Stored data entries
· · ·

Lemma nf_prod_valid x y : all_valid x -> all_valid y -> all_valid (nf_prod x y).
Proof.
move=> hx hy m hm; case: (In_flatten hm) => m1 h1 {}hm; case: (In_flatten hm) => m2 h2 {}hm.
case: (hx _ h1) => ha hb; case: (hy _ h2) => hc hd.
exact: (mul_paths_valid ha hb hc hd hm).
Qed.

Definition nf_scale (c : R) (x : seq mon) : seq mon :=
  map (fun m => Mon (c * mcoef m) (mend m) (mreal m) (mghost m)) x.

Lemma nf_scaleE c x : TScale c (nf x) === nf (nf_scale c x).
Proof. by rewrite /nf /nf_scale tsum_map tsum_scale; apply: eq_tsum => m _; apply: eq_scaleA. Qed.

Lemma nf_scale_valid c x : all_valid x -> all_valid (nf_scale c x).
Proof. by move=> hx m /In_map [m' h ->]; apply: (hx m' h). Qed.

Lemma nf_exists t : exists2 x, all_valid x & t === nf x.
Proof.
elim: t => [[v|e|e]| |t [x hx ex] u [y hy ey]|t [x hx ex] u [y hy ey]|c t [x hx ex]].
- exists [:: Mon 1 v [::] [::]]; first by move=> m [<-|].
  by rewrite nf1 /mterm /= eq_scale1 eq_vv.
- exists [:: Mon 1 (rng e) [:: e] [::]]; first by move=> m [<-|].
  by rewrite nf1 /mterm /= eq_scale1 -eq_mulA eq_vv eq_er.
- exists [:: Mon 1 (rng e) [::] [:: e]]; first by move=> m [<-|].
  by rewrite nf1 /mterm /= eq_scale1 eq_mulA eq_vv eq_rs.
- by exists [::].
- exists (x ++ y); first by move=> m /In_cat [/hx|/hy].
  by rewrite nf_cat ex ey.
- by exists (nf_prod x y); [apply: nf_prod_valid | rewrite ex ey nf_mul].
- by exists (nf_scale c x); [apply: nf_scale_valid | rewrite ex nf_scaleE].
Qed.

Lemma In_keyed (X K : Type) (key : X -> K) k (l : seq X) x :
  List.In x (filter (keyed key k) l) <-> List.In x l /\ key x = k.
Proof. by rewrite In_filter /keyed; split=> -[? /asboolP]. Qed.

Lemma all_valid_filter (p : pred mon) x : all_valid x -> all_valid (filter p x).
Proof. by move=> hx m /In_filter [/hx]. Qed.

· · ·

▶ **Task description**
Report each line above that includes the string "rewrite".

▶ **Expected output**
Proof. by rewrite /nf /nf_scale tsum_map tsum_scale; apply: eq_tsum => m _; apply: eq_scaleA. Qed.
  by rewrite nf1 /mterm /= eq_scale1 eq_vv.
  by rewrite nf1 /mterm /= eq_scale1 -eq_mulA eq_vv eq_er.
  by rewrite nf1 /mterm /= eq_scale1 eq_mulA eq_vv eq_rs.
  by rewrite nf_cat ex ey.
- by exists (nf_prod x y); [apply: nf_prod_valid | rewrite ex ey nf_mul].
- by exists (nf_scale c x); [apply: nf_scale_valid | rewrite ex nf_scaleE].
Proof. by rewrite In_filter /keyed; split=> -[? /asboolP]. Qed.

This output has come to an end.